Stored data:
(* Let $n$ and $m$ be integers with $n\geq 2$ and $1\leq m\leq\binom{n}{2}$, and let $n'=\min\{\lfloor\frac{m+3}{2}\rfloor,n\}$. A two-terminal graph $G\in T_{n,m}$ is a $2$-uniformly most reliable two-terminal graph ($2$-UMRTTG) if and only if $G$ contains $A_{n',0}$ as a subgraph (as a two-terminal graph, i.e. with terminals corresponding to terminals).
   Context: All graphs are finite, simple and undirected. A two-terminal graph is a graph $G$ together with two distinguished vertices $s,t$ (the terminals). Two two-terminal graphs are isomorphic if there is a graph isomorphism between them mapping the set of terminals onto the set of terminals. $T_{n,m}$ denotes the set of all pairwise nonisomorphic two-terminal graphs with $n$ vertices and $m$ edges. For a positive integer $d$, a $d$-pathset of a two-terminal graph $G$ is a spanning subgraph of $G$ containing a path of length (number of edges) at most $d$ joining $s$ and $t$. For $\rho\in[0,1]$, $R_G^d(\rho)$ is the probability that the random spanning subgraph obtained from $G$ by deleting each edge independently with probability $\rho$ is a $d$-pathset. A graph $G\in T_{n,m}$ is a $d$-UMRTTG if $R_G^d(\rho)\geq R_H^d(\rho)$ for every $H\in T_{n,m}$ and every $\rho\in[0,1]$. For an integer $k\geq 2$, $A_{k,0}$ is the two-terminal graph with vertex set $\{s,t,v_3,\ldots,v_k\}$, terminals $s,t$, and edge set $\{st\}\cup\{sv_i,v_it:3\leq i\leq k\}$ (so $A_{2,0}$ is the single edge $st$). *)

From HB Require Import structures.
From mathcomp Require Import all_boot all_order all_algebra.
From mathcomp Require Import reals.
Set Implicit Arguments. Unset Strict Implicit. Unset Printing Implicit Defensive.
Import Order.TTheory GRing.Theory Num.Theory.

Definition ttg (n : nat) (E : {set {set 'I_n}}) (s t : 'I_n) : Prop :=
  (forall e, e \in E -> #|e| = 2) /\ s != t.

(* F (a spanning subgraph, given by its edge set) contains a path of length
   (number of edges) at most d from s to t: a sequence of pairwise distinct
   vertices s = v_0, v_1, ..., v_k = t with k <= d and each {v_i, v_(i+1)} in F.
   The path v_1..v_k is encoded as a finite function 'I_k -> 'I_n. *)
Definition has_short_path (n : nat) (d : nat) (F : {set {set 'I_n}}) (s t : 'I_n) : bool :=
  [exists k : 'I_d.+1, [exists p : {ffun 'I_k -> 'I_n},
     let q := [seq p i | i <- enum 'I_k] in
     [&& path (fun x y => [set x; y] \in F) s q, last s q == t & uniq (s :: q)]]].

Definition pathset (n d : nat) (E F : {set {set 'I_n}}) (s t : 'I_n) : bool :=
  (F \subset E) && has_short_path d F s t.

(* R_G^d(rho): probability that the random spanning subgraph obtained by
   deleting each edge independently with probability rho is a d-pathset. *)
Definition reliability (R : realType) (n d : nat) (E : {set {set 'I_n}}) (s t : 'I_n)
  (rho : R) : R :=
  \sum_(F : {set {set 'I_n}} | pathset d E F s t)
     (rho ^+ #|E :\: F| * (1 - rho) ^+ #|F|)%R.

Definition UMRTTG (R : realType) (n d : nat) (E : {set {set 'I_n}}) (s t : 'I_n) : Prop :=
  forall (E' : {set {set 'I_n}}) (s' t' : 'I_n),
    ttg E' s' t' -> #|E'| = #|E| ->
    forall rho : R, (0 <= rho)%R -> (rho <= 1)%R ->
      (reliability d E' s' t' rho <= reliability d E s t rho)%R.

(* The two-terminal graph A_{k+2,0} on vertex set 'I_(k+2): terminals 0 and 1,
   edge {0,1}, and edges {0,i}, {i,1} for 2 <= i < k+2.  Its edges are exactly
   the pairs {x,y}, x != y, with x <= 1. *)
Definition A_edges (k : nat) : {set {set 'I_k.+2}} :=
  [set [set x; y] | x in 'I_k.+2, y in 'I_k.+2 & (x != y) && (x <= 1)%N].
Definition A_s (k : nat) : 'I_k.+2 := inord 0.
Definition A_t (k : nat) : 'I_k.+2 := inord 1.

Definition tt_subgraph (n k : nat) (E : {set {set 'I_n}}) (s t : 'I_n)
  (E' : {set {set 'I_k}}) (s' t' : 'I_k) : Prop :=
  exists f : 'I_k -> 'I_n,
    [/\ injective f, [set f s'; f t'] = [set s; t] &
        forall e, e \in E' -> f @: e \in E].

From HB Require Import structures.
From mathcomp Require Import all_boot all_order all_algebra.
From mathcomp Require Import reals.
From mathcomp Require Import ring lra zify.
Lemma top_eigenvector_normalized (e : 'rV[R]_N) : (forall i, 0 <= e 0 i) ->
  exists u, u *m Ksym e = lam e *: u /\ sqnorm u = lam e.
Proof.
move=> e_ge0; have [lam_ge0 [_ [x xK x_neq0]]] := lam_max e_ge0.
have x_gt0 := sqnorm_gt0 x_neq0.
exists (Num.sqrt (lam e / sqnorm x) *: x); split.
  by rewrite -scalemxAl xK !scalerA mulrC.
rewrite sqnormZ sqr_sqrtr ?divfK ?lt0r_neq0 //.
by rewrite divr_ge0 // ltW.
Qed.

Lemma bform_top_eigenvector (e : 'rV[R]_N) u :
  u *m Ksym e = lam e *: u -> sqnorm u = lam e ->
  bform S (u *m G e) (u *m G e) = lam e ^+ 2.
Proof. by move=> uK u_norm; rewrite -bform_Ksym (bform_eigen uK) u_norm expr2. Qed.

(* Reverse Cauchy-Schwarz, after choosing the sign of [u2]. *)
Lemma lorentzian_top_eigenvectors (e1 e2 : 'rV[R]_N) : lorentzian S ->
  (forall i, 0 <= e1 0 i) -> (forall i, 0 <= e2 0 i) ->
  exists u1 u2, [/\ u1 *m Ksym e1 = lam e1 *: u1, sqnorm u1 = lam e1,
    u2 *m Ksym e2 = lam e2 *: u2, sqnorm u2 = lam e2 &
    lam e1 * lam e2 <= bform S (u1 *m G e1) (u2 *m G e2)].
Proof.
move=> Slor e1_ge0 e2_ge0.
have [[f1_ge0 _] [f2_ge0 _]] := (lam_max e1_ge0, lam_max e2_ge0).
have [u1 [u1K u1_norm]] := top_eigenvector_normalized e1_ge0.
have [v [vK v_norm]] := top_eigenvector_normalized e2_ge0.
have [u2 [u2K u2_norm beta_ge0]] : exists u2, [/\ u2 *m Ksym e2 = lam e2 *: u2,
    sqnorm u2 = lam e2 & 0 <= bform S (u1 *m G e1) (u2 *m G e2)].
  have [beta_ge0|beta_lt0] := leP 0 (bform S (u1 *m G e1) (v *m G e2)).
    by exists v.
  exists (- v); rewrite mulNmx vK scalerN sqnormN mulNmx bformNr oppr_ge0.
  by split => //; apply: ltW.
exists u1, u2; split => //.
have [->|f1_neq0] := eqVneq (lam e1) 0; first by rewrite mul0r.
have f1_gt0 : 0 < lam e1 ^+ 2 by rewrite exprn_gt0 // lt_def f1_neq0.
have := Slor (u1 *m G e1) (u2 *m G e2).
rewrite !bform_top_eigenvector // -exprMn => /(_ f1_gt0).
by rewrite ler_sqr // nnegrE mulr_ge0.
Qed.

Lemma top_eigenvalue_concave : lorentzian S -> concave_on_cube lam.
Proof.
move=> Slor e1 e2 t e1_cube e2_cube t01.
have e1_ge0 := cube_ge0 e1_cube; have e2_ge0 := cube_ge0 e2_cube.
have eta_ge0 := comb_ge0 e1_ge0 e2_ge0 t01.
set eta := t *: e1 + (1 - t) *: e2 in eta_ge0 *.
have [f_ge0 [rayleigh _]] := lam_max eta_ge0.
have [[f1_ge0 _] [f2_ge0 _]] := (lam_max e1_ge0, lam_max e2_ge0).
have [u1 [u2 [u1K u1_norm u2K u2_norm beta_ge]]] :=
  lorentzian_top_eigenvectors Slor e1_ge0 e2_ge0.
have [x [xG x_norm]] := rescale_comb u1 u2 t01 (sqrt_weight_ge0 e1)
  (sqrt_weight_ge0 e2) (sqrt_weight_ge0 eta) (sqrt_weight_comb e1_ge0 e2_ge0 t01).
case/andP: t01 => t_ge0 t_le1.
set s := t * lam e1 + (1 - t) * lam e2.
have s2_le : s ^+ 2 <= bform S (x *m G eta) (x *m G eta).
  rewrite xG bform_comb // !bform_top_eigenvector //.
  have -> : s ^+ 2 = t ^+ 2 * lam e1 ^+ 2 + 2 * t * (1 - t) * (lam e1 * lam e2) +
    (1 - t) ^+ 2 * lam e2 ^+ 2 by rewrite /s; ring.
  by rewrite lerD2r lerD2l ler_wpM2l // !mulr_ge0 // subr_ge0.
have le_fs : bform S (x *m G eta) (x *m G eta) <= lam eta * s.
  rewrite -bform_Ksym; apply: le_trans (rayleigh x) (ler_wpM2l f_ge0 _).
  by rewrite /s -u1_norm -u2_norm.
have [->|s_neq0] := eqVneq s 0; first exact: f_ge0.
have s_gt0 : 0 < s by rewrite lt_def s_neq0 addr_ge0 // mulr_ge0 // subr_ge0.
by rewrite -(ler_pM2r s_gt0) -expr2 (le_trans s2_le le_fs).
Qed.

End TopEigenvalue.

End DiagonallySymmetrizable.

Theorem theorem4p1 (R : realType) (N : nat) (hN : (1 <= N)%N) (K : 'M[R]_N) :
  (forall i j, 0 <= K i j) ->
  diag_symmetrizable K ->
  ((forall z, eigenvalues K z -> exists x : R, 0 <= x /\ z = x%:C%C) ->
     convex_on_cube (Re_fun K)) /\
  (alg_mult K (spectral_radius K)%:C%C = 1%N ->
   (forall z, eigenvalues K z ->
      z = (spectral_radius K)%:C%C \/ exists x : R, x <= 0 /\ z = x%:C%C) ->
     concave_on_cube (Re_fun K)).
Proof.
move=> K_ge0 [d [S [d_gt0 [Ssym K_eq]]]]; subst K.
have S_ge0 i j : 0 <= S i j.
  by have := K_ge0 i j; rewrite mul_diag_mx mxE pmulr_rge0.
have Re_max := Re_fun_rayleigh_max hN d_gt0 Ssym S_ge0.
split => [Kspec | simple Kspec].
  exact: top_eigenvalue_convex Re_max (S_psd d_gt0 Ssym Kspec).
exact: top_eigenvalue_concave Re_max (S_lorentzian d_gt0 Ssym simple Kspec).
Qed.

Problem to work on: Write out each line exactly, beginning at the one with "split => [Kspec | simple Kspec]." and ending at the final line of the records above, with nothing added.

Exercise output:
split => [Kspec | simple Kspec].
  exact: top_eigenvalue_convex Re_max (S_psd d_gt0 Ssym Kspec).
exact: top_eigenvalue_concave Re_max (S_lorentzian d_gt0 Ssym simple Kspec).
Qed.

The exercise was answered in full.